The GPL (and the FAL) is a license that is monolithic. All the programmers that use the GPL grant the same rights and respect the same rules. Even if they do not know each other, the programmers who use the GPL form a community. This is not the case for the Creative Commons licenses. They are conceived as  modular tools for renegotiating individual contracts, based on individual relations. Naturally, we can use the CCs to create a license close to the FAL/GPL; accepting the transformations and commercial use, on condition that the author is mentionned and that these conditions are applied to subsequent works. But this is just one of the possibilities on offer. As tools, these licenses logically anticipate the varieties of conflicts which might arise with the use of the work as a commercial reappropriation or the deformation/de-naturalisation of a text or a film. The CCs don't decide for you what kind of freedom you want to give to the people who would like to access, play with, modify or redistribute your work. They give you the tools to specify these conditions yourself in a form that is legally recognised.

Domain specific licenses

As we said in the introduction, there are many ways one might like to share their work. Many important licenses have been dedicated to specific areas  of artistic/cultural production.[9] You can find licenses dedicated to music, to documentation, etc.  As these licenses are specific to a domain, they may contain very precise constraints that are absent to general-purpose licenses. Therefore they require careful attention because they may include particular clauses.

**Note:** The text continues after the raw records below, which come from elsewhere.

(** a D-(mu,theta,eps!,Delta,T)-problem; index set [mu]^{<theta} is the set of
    small [u : Mu -> Prop] *)
Definition moral_problem {t : vocab} (Th Mu E : Type) (Delta : dformula t E -> Prop)
  (T : formula t Empty_set -> Prop) {I : Type} (D : (I -> Prop) -> Prop)
  (a : (Mu -> Prop) -> I -> Prop) : Prop :=
  (forall u, small Th u -> D (a u)) /\
  (forall u v : Mu -> Prop, small Th u -> small Th v -> (forall x, u x -> v x) ->
     forall s, a v s -> a u s) /\
  (forall s, a (fun _ => False) s) /\
  exists phi : Mu -> dformula t E,
    (forall al, Delta (phi al)) /\
    forall A : I -> Prop, (exists s, A s) ->
    forall u : Mu -> Prop, small Th u ->
    exists (M : structure t) (b : forall al, projT1 (phi al) -> M),
      model T M /\
      forall v : Mu -> Prop, (forall x, v x -> u x) ->
        ((forall s, A s -> a v s) ->
           exists c : E -> M, forall al, v al -> dsat M (phi al) c (b al)) /\
        ((forall s, A s -> ~ a v s) ->
           ~ exists c : E -> M, forall al, v al -> dsat M (phi al) c (b al)).

Definition moral_solution (Th Mu : Type) {I : Type} (D : (I -> Prop) -> Prop)
  (a b : (Mu -> Prop) -> I -> Prop) : Prop :=
  (forall u, small Th u -> D (b u)) /\
  (forall s, b (fun _ => False) s) /\
  (forall u, small Th u -> forall s, b u s -> a u s) /\
  (forall u, small Th u -> forall s, b u s <-> forall al, u al -> b (fun x => x = al) s).

Definition moral {t : vocab} (Th Mu E : Type) (Delta : dformula t E -> Prop)
  (T : formula t Empty_set -> Prop) {I : Type} (D : (I -> Prop) -> Prop) : Prop :=
  forall a, moral_problem Th Mu E Delta T D a -> exists b, moral_solution Th Mu D a b.

Definition rp_rel {I : Type} (D : (I -> Prop) -> Prop) (Ms : I -> Type)
  (f g : forall s, Ms s) : Prop := D (fun s => f s = g s).

Definition rp_carrier {I : Type} (D : (I -> Prop) -> Prop) (Ms : I -> Type) : Type :=
  {P : (forall s, Ms s) -> Prop | exists f, P = rp_rel D Ms f}.

Definition rp_class {I : Type} (D : (I -> Prop) -> Prop) (Ms : I -> Type)
  (f : forall s, Ms s) : rp_carrier D Ms :=
  exist _ (rp_rel D Ms f) (ex_intro _ f eq_refl).

Definition rp_rep {I : Type} {D : (I -> Prop) -> Prop} {Ms : I -> Type}
  (c : rp_carrier D Ms) : forall s, Ms s :=
  proj1_sig (constructive_indefinite_description _ (proj2_sig c)).

Definition redprod {t : vocab} {I : Type} (D : (I -> Prop) -> Prop)
  (Ms : I -> structure t) : structure t :=
  {| carrier := rp_carrier D (fun s => carrier (Ms s));
     finterp := fun f args =>
       rp_class D (fun s => carrier (Ms s))
         (fun s => finterp (Ms s) f (fun i => rp_rep (args i) s));
     rinterp := fun r args =>
       D (fun s => rinterp (Ms s) r (fun i => rp_rep (args i) s)) |}.

(** * (mu^+, theta, eps!, Delta)-saturation: sets of fewer than mu^+
    (i.e. at most mu) Delta-formulas with parameters, represented as families
    indexed by [K] with |K| <= mu. *)
Definition saturated_succ {t : vocab} (Mu Th : Type) {E : Type}
  (Delta : dformula t E -> Prop) (N : structure t) : Prop :=
  forall (K : Type) (phi : K -> dformula t E) (pars : forall k, projT1 (phi k) -> N),
    le_card K Mu -> (forall k, Delta (phi k)) ->
    (forall J : K -> Prop, small Th J ->
       exists c : E -> N, forall k, J k -> dsat N (phi k) c (pars k)) ->
    exists c : E -> N, forall k, dsat N (phi k) c (pars k).

(** Both directions are Łoś's theorem for the formulas in Delta, which are
    conjunctions of fewer than theta atomic formulas and hence are evaluated
    coordinatewise in a theta-complete reduced product.

    (B) => (C): a type p = {phi_al(x, pars_al) : al < mu} over the reduced
    product gives the moral problem a_u = {s : the u-part of p is realized in
    M_s}.  A multiplicative solution b lets each s realize, in M_s, the part of
    p indexed by {al in w_s : s in b_al}, and these local realizations glue to
    a realization of p.

    (C) => (B): from a moral problem take, for each s, the model M_s and
    parameters witnessing it on w_s.  The associated type over the reduced
    product is (<theta)-satisfiable, and a realization c yields the solution
    b_u = {s : u is included in w_s and c(s) satisfies the u-part in M_s}. *)
From Stdlib Require Import Classical ClassicalEpsilon IndefiniteDescription
  FunctionalExtensionality PropExtensionality ProofIrrelevance.

Lemma le_card_trans A B C : le_card A B -> le_card B C -> le_card A C.
Proof. intros [f Hf] [g Hg]. exists (fun x => g (f x)). auto. Qed.

Lemma le_lt_card_trans A B C : le_card A B -> lt_card B C -> lt_card A C.
Proof.
  intros HAB [HBC HCB]. split; [eapply le_card_trans; eauto|].
  intro HCA. apply HCB. eapply le_card_trans; eauto.
Qed.

Lemma small_subset Th X (u v : X -> Prop) :
  (forall x, u x -> v x) -> small Th v -> small Th u.
Proof.
  intros Huv. apply le_lt_card_trans.
  exists (fun p => exist v (proj1_sig p) (Huv _ (proj2_sig p))).
  intros [x hx] [y hy] Hxy. injection Hxy. apply subset_eq_compat.
Qed.

Lemma small_False Th X : le_card nat Th -> small Th (fun _ : X => False).
Proof.
  intros [f _]. split.
  - exists (fun p : {x : X | False} => match proj2_sig p with end). intros [x []].
  - intros [g _]. destruct (g (f 0)) as [x []].
Qed.

Lemma small_eq1 Th X (x0 : X) : le_card nat Th -> small Th (fun x => x = x0).
Proof.
  intros [f Hf]. split.
  - exists (fun _ => f 0). intros [x ->] [y ->] _. reflexivity.
  - intros [g Hg].
    assert (Hg01 : g (f 0) = g (f 1)).
    { destruct (g (f 0)) as [x ->], (g (f 1)) as [y ->]. reflexivity. }
    discriminate (Hf _ _ (Hg _ _ Hg01)).
Qed.

Lemma small_image Th A B (h : A -> B) (u : A -> Prop) :
  small Th u -> small Th (fun y => exists x, u x /\ h x = y).
Proof.
  apply le_lt_card_trans.
  exists (fun p => let q := constructive_indefinite_description _ (proj2_sig p) in
                   exist u (proj1_sig q) (proj1 (proj2_sig q))).
  intros [y hy] [y' hy'] Heq; simpl in Heq.
  destruct (constructive_indefinite_description _ hy) as [x [Hux Hx]].
  destruct (constructive_indefinite_description _ hy') as [x' [Hux' Hx']].
  injection Heq as <-. subst. apply subset_eq_compat. reflexivity.
Qed.

Lemma dependent_functional_choice {I : Type} {A : I -> Type} (Q : forall s, A s -> Prop) :
  (forall s, exists x, Q s x) -> exists f : forall s, A s, forall s, Q s (f s).
Proof.
  intro HQ.
  exists (fun s => proj1_sig (constructive_indefinite_description _ (HQ s))).
  intro s. exact (proj2_sig (constructive_indefinite_description _ (HQ s))).
Qed.

Lemma partial_choice {I : Type} {A : I -> Type} (P : I -> Prop) (Q : forall s, A s -> Prop) :
  (forall s, inhabited (A s)) -> (forall s, P s -> exists x, Q s x) ->
  exists f : forall s, A s, forall s, P s -> Q s (f s).
Proof.
  intros Hinh HPQ. apply (dependent_functional_choice (fun s x => P s -> Q s x)). intro s.
  destruct (classic (P s)) as [HP|HnP].
  - destruct (HPQ s HP) as [x Hx]. eauto.
  - destruct (Hinh s) as [x]. exists x. contradiction.
Qed.

Lemma model_assignments_inhabited {t : vocab} (T : formula t Empty_set -> Prop)
  (M : structure t) (X : Type) :
  model T M -> inhabited (X -> M).
Proof. intros [[m] _]. exact (inhabits (fun _ => m)). Qed.

Section Filters.

Variables (I : Type) (D : (I -> Prop) -> Prop).
Hypothesis HF : filter D.

Lemma filter_mono (A B : I -> Prop) : D A -> (forall s, A s -> B s) -> D B.
Proof. apply HF. Qed.

Lemma filter_and (A B : I -> Prop) : D A -> D B -> D (fun s => A s /\ B s).
Proof. apply HF. Qed.

Lemma filter_all (A : I -> Prop) : (forall s, A s) -> D A.
Proof. intro HA. apply (filter_mono (fun _ => True)); auto. apply HF. Qed.

Lemma complete_small Th X (u : X -> Prop) (P : X -> I -> Prop) :
  complete Th D -> small Th u -> (forall x, u x -> D (P x)) ->
  D (fun s => forall x, u x -> P x s).
Proof.
  intros HC Hu HP.
  apply (filter_mono _ _ (HC _ Hu (fun p => P (proj1_sig p)) (fun p => HP _ (proj2_sig p)))).
  intros s Hs x Hx. exact (Hs (exist _ x Hx)).
Qed.

End Filters.

Arguments filter_mono {I D} HF {A B}.
Arguments filter_and {I D} HF {A B}.
Arguments filter_all {I D} HF {A}.
Arguments complete_small {I D} HF {Th X u} P HC Hu HP.

Section ReducedProduct.

Variables (t : vocab) (I : Type) (D : (I -> Prop) -> Prop) (Ms : I -> structure t).
Hypothesis HF : filter D.

Definition rp_lift {X : Type} (g : forall s, X -> Ms s) : X -> redprod D Ms :=
  fun x => rp_class D (fun s => carrier (Ms s)) (fun s => g s x).

Definition rp_agree {X : Type} (a : X -> redprod D Ms) (g : forall s, X -> Ms s) : Prop :=
  forall x, D (fun s => rp_rep (a x) s = g s x).

Lemma rp_rel_rep (c : redprod D Ms) : proj1_sig c = rp_rel D _ (rp_rep c).
Proof.
  unfold rp_rep.
  destruct (constructive_indefinite_description _ (proj2_sig c)) as [g Hg].
  exact Hg.
Qed.

Lemma rp_rep_class (f : forall s, Ms s) :
  D (fun s => rp_rep (rp_class D (fun s => carrier (Ms s)) f) s = f s).
Proof.
  assert (Hff : rp_rel D _ f f) by (apply (filter_all HF); auto).
  pose proof (rp_rel_rep (rp_class D _ f)) as Hclass. simpl in Hclass.
  rewrite Hclass in Hff. exact Hff.
Qed.

Lemma rp_eq (c d : redprod D Ms) : D (fun s => rp_rep c s = rp_rep d s) -> c = d.
Proof.
  intro Hcd.
  assert (Hcd' : proj1_sig c = proj1_sig d).
  { rewrite (rp_rel_rep c), (rp_rel_rep d).
    apply functional_extensionality. intro g. apply propositional_extensionality.
    unfold rp_rel. split; intro Hg;
      apply (filter_mono HF (filter_and HF Hcd Hg)); intros s [e1 e2]; congruence. }
  destruct c as [P hP], d as [Q hQ]. simpl in Hcd'. subst.
  f_equal. apply proof_irrelevance.
Qed.

Lemma rp_agree_rep {X : Type} (a : X -> redprod D Ms) :
  rp_agree a (fun s x => rp_rep (a x) s).
Proof. intro x. apply (filter_all HF); auto. Qed.

Lemma rp_agree_lift {X : Type} (g : forall s, X -> Ms s) : rp_agree (rp_lift g) g.
Proof. intro x. apply rp_rep_class. Qed.

Lemma rp_agree_asg {X Y : Type} (a : X -> redprod D Ms) (b : Y -> redprod D Ms)
  (g : forall s, X -> Ms s) (h : forall s, Y -> Ms s) :
  rp_agree a g -> rp_agree b h -> rp_agree (asg a b) (fun s => asg (g s) (h s)).
Proof. intros Hag Hbh [x|y]; simpl; auto. Qed.

Variable Th : Type.
Hypothesis HC : complete Th D.

Lemma eval_redprod {X : Type} (u : term t X) (a : X -> redprod D Ms) (g : forall s, X -> Ms s) :
  term_in_L Th u -> rp_agree a g ->
  D (fun s => rp_rep (eval (redprod D Ms) a u) s = eval (Ms s) (g s) u).
Proof.
  intros Hu Hag. induction u as [x|f args IH]; simpl.
  - apply Hag.
  - destruct Hu as [Hf Hargs].
    apply (filter_mono HF (filter_and HF
             (HC _ Hf _ (fun i => IH i (Hargs i)))
             (rp_rep_class (fun s => finterp (Ms s) f
                              (fun i => rp_rep (eval (redprod D Ms) a (args i)) s))))).
    intros s [Hargs_s ->]. f_equal. apply functional_extensionality. exact Hargs_s.
Qed.

Lemma sat_atomic_redprod {X : Type} (phi : formula t X) (a : X -> redprod D Ms)
  (g : forall s, X -> Ms s) :
  atomic phi -> formula_in_L Th phi -> rp_agree a g ->
  (sat (redprod D Ms) phi a <-> D (fun s => sat (Ms s) phi (g s))).
Proof.
  intros Hat HL Hag. destruct phi; simpl in *; try contradiction.
  - destruct HL as [H0 H1].
    pose proof (filter_and HF (eval_redprod t0 a g H0 Hag)
                  (eval_redprod t1 a g H1 Hag)) as Hev.
    split.
    + intros Heq. rewrite Heq in Hev.
      apply (filter_mono HF Hev). intros s [e0 e1]. congruence.
    + intros Heq. apply rp_eq.
      apply (filter_mono HF (filter_and HF Heq Hev)).
      intros s [e [e0 e1]]. congruence.
  - destruct HL as [Hr Hargs].
    assert (Hev : D (fun s => (fun i => rp_rep (eval (redprod D Ms) a (t0 i)) s)
                              = (fun i => eval (Ms s) (g s) (t0 i)))).
    { apply (filter_mono HF (HC _ Hr _ (fun i => eval_redprod (t0 i) a g (Hargs i) Hag))).
      intros s Hs. apply functional_extensionality. exact Hs. }
    split; intro Hrel; apply (filter_mono HF (filter_and HF Hrel Hev));
      intros s [Hrel_s e]; simpl in *; congruence.
Qed.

The case of the GNU Free Documentation License.

The GNU Free Documentation License (GFDL) [10] is used by one of the most important projects of free culture: wikipedia[11]. Originally, the GFDL has been conceived to:
"make a manual, textbook, or other functional and useful document "free" in the sense of freedom: to assure everyone the effective freedom to copy and redistribute it, with or without modifying it, either commercially or noncommercially. Secondarily, this License preserves for the author and publisher a way to get credit for their work, while not being considered responsible for modifications made by others.
This License is a kind of "copyleft", which means that derivative works of the document must themselves be free in the same sense. It complements the GNU General Public License, which is a copyleft license designed for free software."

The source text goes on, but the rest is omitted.